Since Scala allows method definitions in traits and sets no limit on how many traits can be mixed in, this provides for something akin to multiple inheritance. Consider the following trait:
```
trait LockingSet extends AbstractSet { 
  abstract override def add(n: Int): AbstractSet = synchronized { 
    super.add(n) 
  } 
  abstract override def remove(n: Int): AbstractSet = synchronized { 
    super.remove(n) 
  } 
  abstract override def contains(n: Int): Boolean = synchronized { 
    super.contains(n) 
  }
}
```
The LockingSet trait can be mixed into any AbstractSet to create a set that can safely be used in the presence of multiple threads. The synchronized keyword works as you would expect from Java: each AbstractSet instance has a lock that must be acquired before the synchronized method can be performed. Given this definition, a thread-safe MutableSet can be instantiated as follows:
```
val s = new MutableSet with LockingSet
```
Now write a trait LoggingSet that extends the AbstractSet trait and provides logging functionality. Your trait should write to standard output (using the println function) each time the contains, add or remove methods are called.

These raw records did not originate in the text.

(* Let $n\ge1$, $0\le k\le n$, and let $H$ be an operator on $(\mathbb{C}^2)^{\otimes n}$ that can be written as a sum of $k$-local terms. Then $$\mathrm{Tr}(HB_k)=2^{k-n}\,\mathrm{Tr}(HC_k),$$ and $\mathrm{Tr}(HB_r)=0$ for all $r$ with $k<r\le n$.
   Context: Qubits $1,\dots,n$, $Z_j$ the Pauli $Z$ on qubit $j$. An operator is $k$-local if it acts non-trivially on at most $k$ qubits. For $m=0,\dots,n$, $\Pi_m$ is the projector onto the span of computational basis states with exactly $m$ qubits in state $|1\rangle$. Define $C_0=I$ and for $l\ge1$, $C_l=\sum_{i_1<\cdots<i_l}Z_{i_1}\cdots Z_{i_l}$. For $0\le k\le n$ define $B_k=\sum_{m=0}^k(-1)^m\binom{n-m}{k-m}\Pi_m$. *)

From Stdlib Require List.
From HB Require Import structures.
From mathcomp Require Import all_boot all_order all_algebra.
Set Implicit Arguments. Unset Strict Implicit. Unset Printing Implicit Defensive.
Import Order.TTheory GRing.Theory Num.Theory.
Local Open Scope ring_scope.

(* Computational basis of (C^2)^{⊗n}: a basis state |x_1 ... x_n> is encoded
   by the set of qubits (in 'I_n, i.e. qubits 0..n-1) that are in state |1>. *)
Definition basis (n : nat) := {set 'I_n}.

Definition op (C : numClosedFieldType) (n : nat) := basis n -> basis n -> C.

Section Ops.
Variables (C : numClosedFieldType) (n : nat).

Definition opI : op C n := fun x y => (x == y)%:R.
Definition opmul (A B : op C n) : op C n :=
  fun x y => \sum_(z : basis n) A x z * B z y.
Definition opTr (A : op C n) : C := \sum_(x : basis n) A x x.

Definition Zop (j : 'I_n) : op C n :=
  fun x y => (x == y)%:R * (-1) ^+ (j \in x).

(* A acts non-trivially only on the qubits in S: A = A_S ⊗ I_{complement S}. *)
Definition acts_only_on (S : {set 'I_n}) (A : op C n) : Prop :=
  exists F : op C n,
    (forall x y x' y' : basis n, (forall i, i \in S -> (i \in x) = (i \in x') /\ (i \in y) = (i \in y')) ->
                       F x y = F x' y') /\
    (forall x y : basis n, A x y = if [forall i in ~: S, (i \in x) == (i \in y)] then F x y else 0).

Definition k_local (k : nat) (A : op C n) : Prop :=
  exists S : {set 'I_n}, (#|S| <= k)%N /\ acts_only_on S A.

Definition sum_of_k_local (k : nat) (H : op C n) : Prop :=
  exists s : seq (op C n), (forall A, List.In A s -> k_local k A) /\
    forall x y : basis n, H x y = \sum_(A <- s) A x y.

Definition Pi (m : nat) : op C n := fun x y => ((x == y) && (#|x| == m))%:R.

Definition Cl (l : nat) : op C n :=
  fun x y => \sum_(S : {set 'I_n} | #|S| == l) (\big[opmul/opI]_(j in S) Zop j) x y.

Definition Bk (k : nat) : op C n :=
  fun x y => \sum_(m < k.+1) (-1) ^+ m * ('C(n - m, k - m))%:R * Pi m x y.

End Ops.

From mathcomp Require Import all_boot all_order all_algebra.
Import Order.TTheory GRing.Theory Num.Theory.
Local Open Scope ring_scope.
Set Implicit Arguments. Unset Strict Implicit. Unset Printing Implicit Defensive.

(* B_r and C_k are diagonal in the computational basis, so their traces against
   H only see the diagonal of H, and for a term A acting on a set S of qubits
   the diagonal entry at x depends on x only through x :&: S.  Writing the
   diagonal entries of B_r and C_k as sums over r-sets J (resp. k-sets R) of
   qubits and exchanging the sums, toggling a qubit of J (resp. R) outside S is
   a sign-reversing involution, so only J = S (resp. R = S) contributes, and
   nothing does when #|S| < r.  For J = R = S both traces reduce to
   \sum_(x \subset S) A x x (-1)^#|x|, counted on the C side once for each of
   the 2^(n-k) fillings of the qubits outside S. *)

(* Operators have no eqType structure, so [eq_big_seq] does not apply to lists
   of them. *)
Lemma eq_big_In (R : Type) (idx : R) (op : R -> R -> R) (I : Type) (s : seq I)
    (F G : I -> R) :
  (forall i, List.In i s -> F i = G i) ->
  \big[op/idx]_(i <- s) F i = \big[op/idx]_(i <- s) G i.
Proof.
elim: s => [|a s IHs] eqFG; rewrite ?big_nil // !big_cons eqFG /=; last by left.
by rewrite IHs // => i si; apply: eqFG; right.
Qed.

Lemma sum_sign_reversing_involution (R : numDomainType) (I : finType)
    (f : I -> I) (P : pred I) (F : I -> R) :
  involutive f -> (forall i, P (f i) = P i) -> (forall i, F (f i) = - F i) ->
  \sum_(i | P i) F i = 0.
Proof.
move=> fK Pf Ff; have sumN : - \sum_(i | P i) F i = \sum_(i | P i) F i.
  rewrite -sumrN [RHS](reindex_inj (can_inj fK)) /=.
  by apply: eq_big => i; [rewrite Pf | rewrite Ff].
by apply/eqP; rewrite -eqNr sumN.
Qed.

Section SubsetCombinatorics.
Variable T : finType.
Implicit Types (i j : T) (x y S J : {set T}).

Definition toggle j x : {set T} := if j \in x then x :\ j else j |: x.

Lemma in_toggle j x i : (i \in toggle j x) = (i == j) (+) (i \in x).
Proof.
rewrite /toggle; case: (eqVneq i j) => [->|ij]; case: ifP => jx;
  by rewrite !inE ?eqxx ?(negPf ij) ?jx.
Qed.

Lemma toggleK j : involutive (toggle j).
Proof. by move=> x; apply/setP=> i; rewrite !in_toggle addbA addbb. Qed.

Lemma sign_toggle (R : pzRingType) j x : (-1) ^+ #|toggle j x| = - (-1) ^+ #|x| :> R.
Proof.
rewrite /toggle; case: ifP => jx; last by rewrite cardsU1 jx exprS mulN1r.
by rewrite [in RHS](cardsD1 j x) jx exprS mulN1r opprK.
Qed.

Lemma toggle_subset j x J : j \in J -> (toggle j x \subset J) = (x \subset J).
Proof.
move=> jJ; apply/subsetP/subsetP => sxJ i; have := sxJ i; rewrite in_toggle;
  by case: (eqVneq i j) => [->|].
Qed.

Lemma setI_toggle j x S :
  toggle j x :&: S = if j \in S then toggle j (x :&: S) else x :&: S.
Proof.
apply/setP=> i; case: ifP => jS; rewrite !(inE, in_toggle);
  by case: (eqVneq i j) => [->|]; rewrite ?jS ?andbT ?andbF.
Qed.

Lemma sum_card_eq_supported (R : nmodType) S r (F : {set T} -> R) :
  (#|S| <= r)%N -> (forall J, ~~ (J \subset S) -> F J = 0) ->
  \sum_(J : {set T} | #|J| == r) F J = if #|S| == r then F S else 0.
Proof.
move=> leSr F0; have FJ0 (J : {set T}) : #|J| == r -> J != S -> F J = 0.
  move=> /eqP cJ nJS; apply: F0; apply: contra nJS => sJS.
  by rewrite eqEcard sJS cJ.
case: ifP => cS; last first.
  by rewrite big1 // => J cJ; rewrite FJ0 //; apply: contraFneq cS => <-.
by rewrite (bigD1 S) //= big1 ?addr0 // => J /andP[]; exact: FJ0.
Qed.

Lemma setUDK x y : y \subset ~: x -> (x :|: y) :\: x = y.
Proof.
by move=> syx; rewrite setDUl setDv set0U; apply/setDidPl; rewrite disjoints_subset.
Qed.

Lemma card_supsets x r : (#|x| <= r)%N ->
  #|[set J : {set T} | x \subset J & #|J| == r]| = 'C(#|T| - #|x|, r - #|x|).
Proof.
move=> lexr; rewrite -[in RHS](cardsC x) addKn -cards_draws.
rewrite -[in RHS](card_in_imset (f := setU x)); last first.
  move=> y1 y2; rewrite !inE => /andP[sy1x _] /andP[sy2x _] eqy.
  by rewrite -(setUDK sy1x) eqy setUDK.
apply: eq_card => J; rewrite inE; apply/andP/imsetP => [[sxJ /eqP cJ]|[y]].
  exists (J :\: x); last by rewrite -{1}(setID J x) (setIidPr sxJ).
  by rewrite inE cardsDS // cJ eqxx setDE subsetIr.
rewrite inE => /andP[syx /eqP cy] ->; split; first exact: subsetUl.
rewrite cardsU disjoint_setI0 ?cards0 ?subn0 ?cy ?subnKC //.
by rewrite disjoint_sym disjoints_subset.
Qed.

Lemma card_setI_fiber S y : y \subset S ->
  #|[set x : {set T} | x :&: S == y]| = (2 ^ #|~: S|)%N.
Proof.
move=> syS; rewrite -card_powerset -[in RHS](card_in_imset (f := setU y)); last first.
  move=> z1 z2; rewrite !inE => sz1S sz2S eqz.
  have sCSy : ~: S \subset ~: y by rewrite setCS.
  by rewrite -(setUDK (subset_trans sz1S sCSy)) eqz setUDK // (subset_trans sz2S).
apply: eq_card => x; rewrite inE; apply/eqP/imsetP => [xSy|[z]].
  exists (x :\: S); first by rewrite inE setDE subsetIr.
  by rewrite -xSy setID.
rewrite inE => szS ->; rewrite setIUl (setIidPl syS) disjoint_setI0 ?setU0 //.
by rewrite disjoints_subset.
Qed.

Lemma sum_setI (R : nmodType) S (h : {set T} -> R) :
  \sum_(x : {set T}) h (x :&: S) =
  (\sum_(y : {set T} | y \subset S) h y) *+ (2 ^ #|~: S|)%N.
Proof.
rewrite (partition_big (fun x => x :&: S) (fun y => y \subset S)) => [|x _];
  last exact: subsetIr.
rewrite -sumrMnl; apply: eq_bigr => y syS; rewrite -(card_setI_fiber syS) -sumr_const.
by apply: eq_big => [x|x /eqP -> //]; rewrite inE.
Qed.

End SubsetCombinatorics.

Section DiagonalOperators.
Context {C : numClosedFieldType} {n : nat}.
Implicit Types (x y : {set 'I_n}) (A D : op C n) (d : {set 'I_n} -> C).

Definition diag_op d : op C n := fun x y => (x == y)%:R * d x.

Lemma opTr_mul_diag A D d :
  D =2 diag_op d -> opTr (opmul A D) = \sum_(x : {set 'I_n}) A x x * d x.
Proof.
move=> Dd; apply: eq_bigr => x _; rewrite /opmul (bigD1 x) //= Dd /diag_op eqxx mul1r.
by rewrite big1 ?addr0 // => z zx; rewrite Dd /diag_op (negPf zx) mul0r mulr0.
Qed.

Lemma opmul_diag d1 d2 : opmul (diag_op d1) (diag_op d2) =2 diag_op (d1 \* d2).
Proof.
move=> x y; rewrite /opmul (bigD1 x) //= big1 ?addr0 => [|z zx]; last first.
  by rewrite /diag_op eq_sym (negPf zx) !mul0r.
by rewrite /diag_op eqxx mul1r mulrCA.
Qed.

Lemma prod_Zop_diag (R : {set 'I_n}) :
  \big[@opmul C n/@opI C n]_(j in R) Zop C j =2 diag_op (fun x => (-1) ^+ #|x :&: R|).
Proof.
pose sgn j x : C := (-1) ^+ (j \in x).
have diag_prod : \big[@opmul C n/@opI C n]_(j in R) Zop C j
                 =2 diag_op (\big[(fun e1 e2 => e1 \* e2)/fun=> 1]_(j in R) sgn j).
  apply: (big_ind2 (fun D e => D =2 diag_op e)) => [x y|D1 e1 D2 e2 De1 De2 x y|j _ //].
    by rewrite /opI /diag_op mulr1.
  by rewrite -opmul_diag /opmul; apply: eq_bigr => z _; rewrite De1 De2.
move=> x y; rewrite diag_prod /diag_op; congr (_ * _).
rewrite (big_morph (fun e : {set 'I_n} -> C => e x) (id1 := 1) (op1 := *%R)) //.
rewrite prodrXr -sum1_card [in RHS]big_mkcond [in LHS]big_mkcond /=.
by congr (_ ^+ _); apply: eq_bigr => j _; rewrite inE; case: (j \in x); case: (j \in R).
Qed.

(* Summing over the r-sets containing x, rather than using their binomial count,
   lets this sum be exchanged with the sum over x. *)
Definition B_weight r x : C :=
  \sum_(J : {set 'I_n} | (x \subset J) && (#|J| == r)) (-1) ^+ #|x|.

Definition C_weight k x : C :=
  \sum_(R : {set 'I_n} | #|R| == k) (-1) ^+ #|x :&: R|.

Lemma Bk_diag r : @Bk C n r =2 diag_op (B_weight r).
Proof.
move=> x y; rewrite /Bk /Pi /diag_op /B_weight sumr_const.
case: (eqVneq x y) => [_|xy]; last first.
  by rewrite mul0r big1 // => m _; rewrite andFb mulr0.
rewrite mul1r; case: (leqP #|x| r) => [lexr|ltrx].
  rewrite (bigD1 (Ordinal (lexr : (#|x| < r.+1)%N))) //= eqxx mulr1.
  rewrite big1 ?addr0 => [|m xm]; last first.
    suff -> : (#|x| == m) = false by rewrite mulr0.
    by apply: contraNF xm => /eqP cx; apply/eqP/val_inj; rewrite /= cx.
  rewrite (eq_card (B := [set J : {set 'I_n} | x \subset J & #|J| == r])) => [|J];
    last by rewrite inE.
  by rewrite card_supsets // card_ord mulr_natr.
have -> : #|[pred J : {set 'I_n} | (x \subset J) && (#|J| == r)]| = 0%N.
  apply: eq_card0 => J; apply/andP => -[/subset_leq_card lexJ /eqP cJ].
  by move: ltrx; rewrite ltnNge -cJ lexJ.
rewrite mulr0n big1 // => m _; rewrite /=.
by rewrite (gtn_eqF (leq_trans (ltn_ord m) ltrx)) mulr0.
Qed.

Lemma Cl_diag k : @Cl C n k =2 diag_op (C_weight k).
Proof.
move=> x y; rewrite /Cl /diag_op /C_weight mulr_sumr.
by apply: eq_bigr => R _; exact: prod_Zop_diag.
Qed.

Lemma acts_only_on_diag S A :
  acts_only_on S A -> forall x, A x x = A (x :&: S) (x :&: S).
Proof.
case=> F [FS AF] x; have refl z : [forall i in ~: S, (i \in z) == (i \in z)].
  by apply/forall_inP.
by rewrite !AF !refl; apply: FS => i iS; rewrite inE iS andbT.
Qed.

Section LocalSums.
Variables (S : {set 'I_n}) (g : {set 'I_n} -> C).
Hypothesis g_setI : forall x, g x = g (x :&: S).

Lemma g_toggle j x : j \notin S -> g (toggle j x) = g x.
Proof. by move=> jS; rewrite g_setI setI_toggle (negPf jS) -g_setI. Qed.

Lemma sum_mul_B_weight r : (#|S| <= r)%N ->
  \sum_(x : {set 'I_n}) g x * B_weight r x =
  if #|S| == r then \sum_(x : {set 'I_n} | x \subset S) g x * (-1) ^+ #|x| else 0.
Proof.
move=> leSr; under eq_bigr do rewrite mulr_sumr.
rewrite (exchange_big_dep (fun J : {set 'I_n} => #|J| == r)) => [|x J _ /andP[]//] /=.
rewrite (eq_bigr (fun J : {set 'I_n} =>
                   \sum_(x : {set 'I_n} | x \subset J) g x * (-1) ^+ #|x|)).
  rewrite (sum_card_eq_supported leSr) // => J /subsetPn[j jJ jS].
  apply: (sum_sign_reversing_involution (toggleK j)) => x.
    exact: toggle_subset.
  by rewrite g_toggle // sign_toggle mulrN.
by move=> J cJ; apply: eq_bigl => x; rewrite cJ andbT.
Qed.

Lemma sum_mul_C_weight k : (#|S| <= k)%N ->
  \sum_(x : {set 'I_n}) g x * C_weight k x =
  if #|S| == k
  then (\sum_(x : {set 'I_n} | x \subset S) g x * (-1) ^+ #|x|) *+ (2 ^ (n - k))%N
  else 0.
Proof.
move=> leSk; under eq_bigr do rewrite mulr_sumr.
rewrite exchange_big /= (sum_card_eq_supported leSk) => [|R /subsetPn[j jR jS]]; last first.
  apply: (sum_sign_reversing_involution (toggleK j)) => // x.
  by rewrite g_toggle // setI_toggle jR sign_toggle mulrN.
case: eqP => // <-.
rewrite (eq_bigr (fun x => g (x :&: S) * (-1) ^+ #|x :&: S|)) => [|x _]; last first.
  by rewrite -g_setI.
by rewrite (sum_setI S (fun y => g y * (-1) ^+ #|y|)) cardsCs setCK card_ord.
Qed.

Lemma sum_mul_C_weight_eq k : (#|S| <= k)%N ->
  \sum_(x : {set 'I_n}) g x * C_weight k x =
  2 ^+ (n - k) * \sum_(x : {set 'I_n}) g x * B_weight k x.
Proof.
move=> leSk; rewrite (sum_mul_C_weight leSk) (sum_mul_B_weight leSk).
by case: eqP => _; rewrite ?mulr0 // -mulr_natl natrX.
Qed.

Lemma sum_mul_B_weight_eq0 r : (#|S| < r)%N ->
  \sum_(x : {set 'I_n}) g x * B_weight r x = 0.
Proof. by move=> ltSr; rewrite (sum_mul_B_weight (ltnW ltSr)) ltn_eqF. Qed.

End LocalSums.

End DiagonalOperators.

Theorem lemma2 (C : numClosedFieldType) (n k : nat) (H : op C n) :
  (1 <= n)%N -> (k <= n)%N -> sum_of_k_local k H ->
  opTr (opmul H (@Bk C n k)) = (2 ^+ (n - k))^-1 * opTr (opmul H (@Cl C n k)) /\
  (forall r : nat, (k < r)%N -> (r <= n)%N -> opTr (opmul H (@Bk C n r)) = 0).
Proof.
move=> _ _ [s [s_local H_sum]].
have trH D d : D =2 diag_op d ->
    opTr (opmul H D) = \sum_(A <- s) \sum_(x : {set 'I_n}) A x x * d x.
  move/opTr_mul_diag->; rewrite exchange_big /=.
  by apply: eq_bigr => x _; rewrite H_sum mulr_suml.
have diag_local A : List.In A s ->
    exists2 S : {set 'I_n}, (#|S| <= k)%N & forall x, A x x = A (x :&: S) (x :&: S).
  by move/s_local=> [S [leSk /acts_only_on_diag]]; exists S.
split=> [|r ltkr _].
  rewrite (trH _ _ (Bk_diag k)) (trH _ _ (Cl_diag k)).
  transitivity ((2 ^+ (n - k))^-1 *
                \sum_(A <- s) 2 ^+ (n - k) * \sum_x A x x * B_weight k x).
    by rewrite -mulr_sumr mulKf // expf_neq0 // pnatr_eq0.
  congr (_ * _); apply: eq_big_In => A /diag_local[S leSk AS].
  by rewrite (sum_mul_C_weight_eq AS leSk).
rewrite (trH _ _ (Bk_diag r)).
transitivity (\sum_(A <- s) (0 : C)); last exact: big1_eq.
apply: eq_big_In => A /diag_local[S leSk AS].
exact: (sum_mul_B_weight_eq0 AS (leq_ltn_trans leSk ltkr)).
Qed.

Now a MutableSet that is both thread-safe and logs its usage to standard output can be instantiated as follows:
```
val s = new MutableSet with LoggingSet with LockingSet
```
Note that our definitions for LockingSet and LoggingSet are agnostic to the actual implementation of our set. These traits can just as easily and without modification be mixed into our ImmutableSet class.

Do you expect there to be a difference between

MutableSet with LoggingSet with LockingSet

and

MutableSet with LockingSet with LoggingSet

What might that difference be?

Does it make sense to mix the LockingSet trait into an ImmutableSet? Why or why not?

Submitting Your Work

Submit your homework via GradeScope by the beginning of class on the due date.

Written Problems

Submit your answers to the Gradescope assignment named, for example, "HW 1". It should:

be clearly written or typed,
include your name and HW number at the top,
list any students with whom you discussed the problems, and
be a single PDF file, with one problem per page.

You will be asked to resubmit homework not satisfying these requirements. Please select the pages for each question when you submit.

Programming Problems

If this homework includes programming problems, submit your code to the Gradescope assignment named, for example, "HW 1 Programming". Also:

Be sure to upload all source files for the programming questions, and please do not change the names of the starter files.
If you worked with a partner, only one of each pair needs to submit the code.
Indicate who your partner is when you submit the code to gradescope. Specifically, after you upload your files, there will be an "Add Group Member" button on the right of the Gradescope webpage -- click that and add your partner.

Autograding: For most programming questions, Gradescope will run an autograder on your code that performs some simple tests. Be sure to look at the autograder output to verify your code works as expected. We will run more extensive tests on your code after the deadline. If you encounter difficulties or unexpected results from the autograder, please let us know.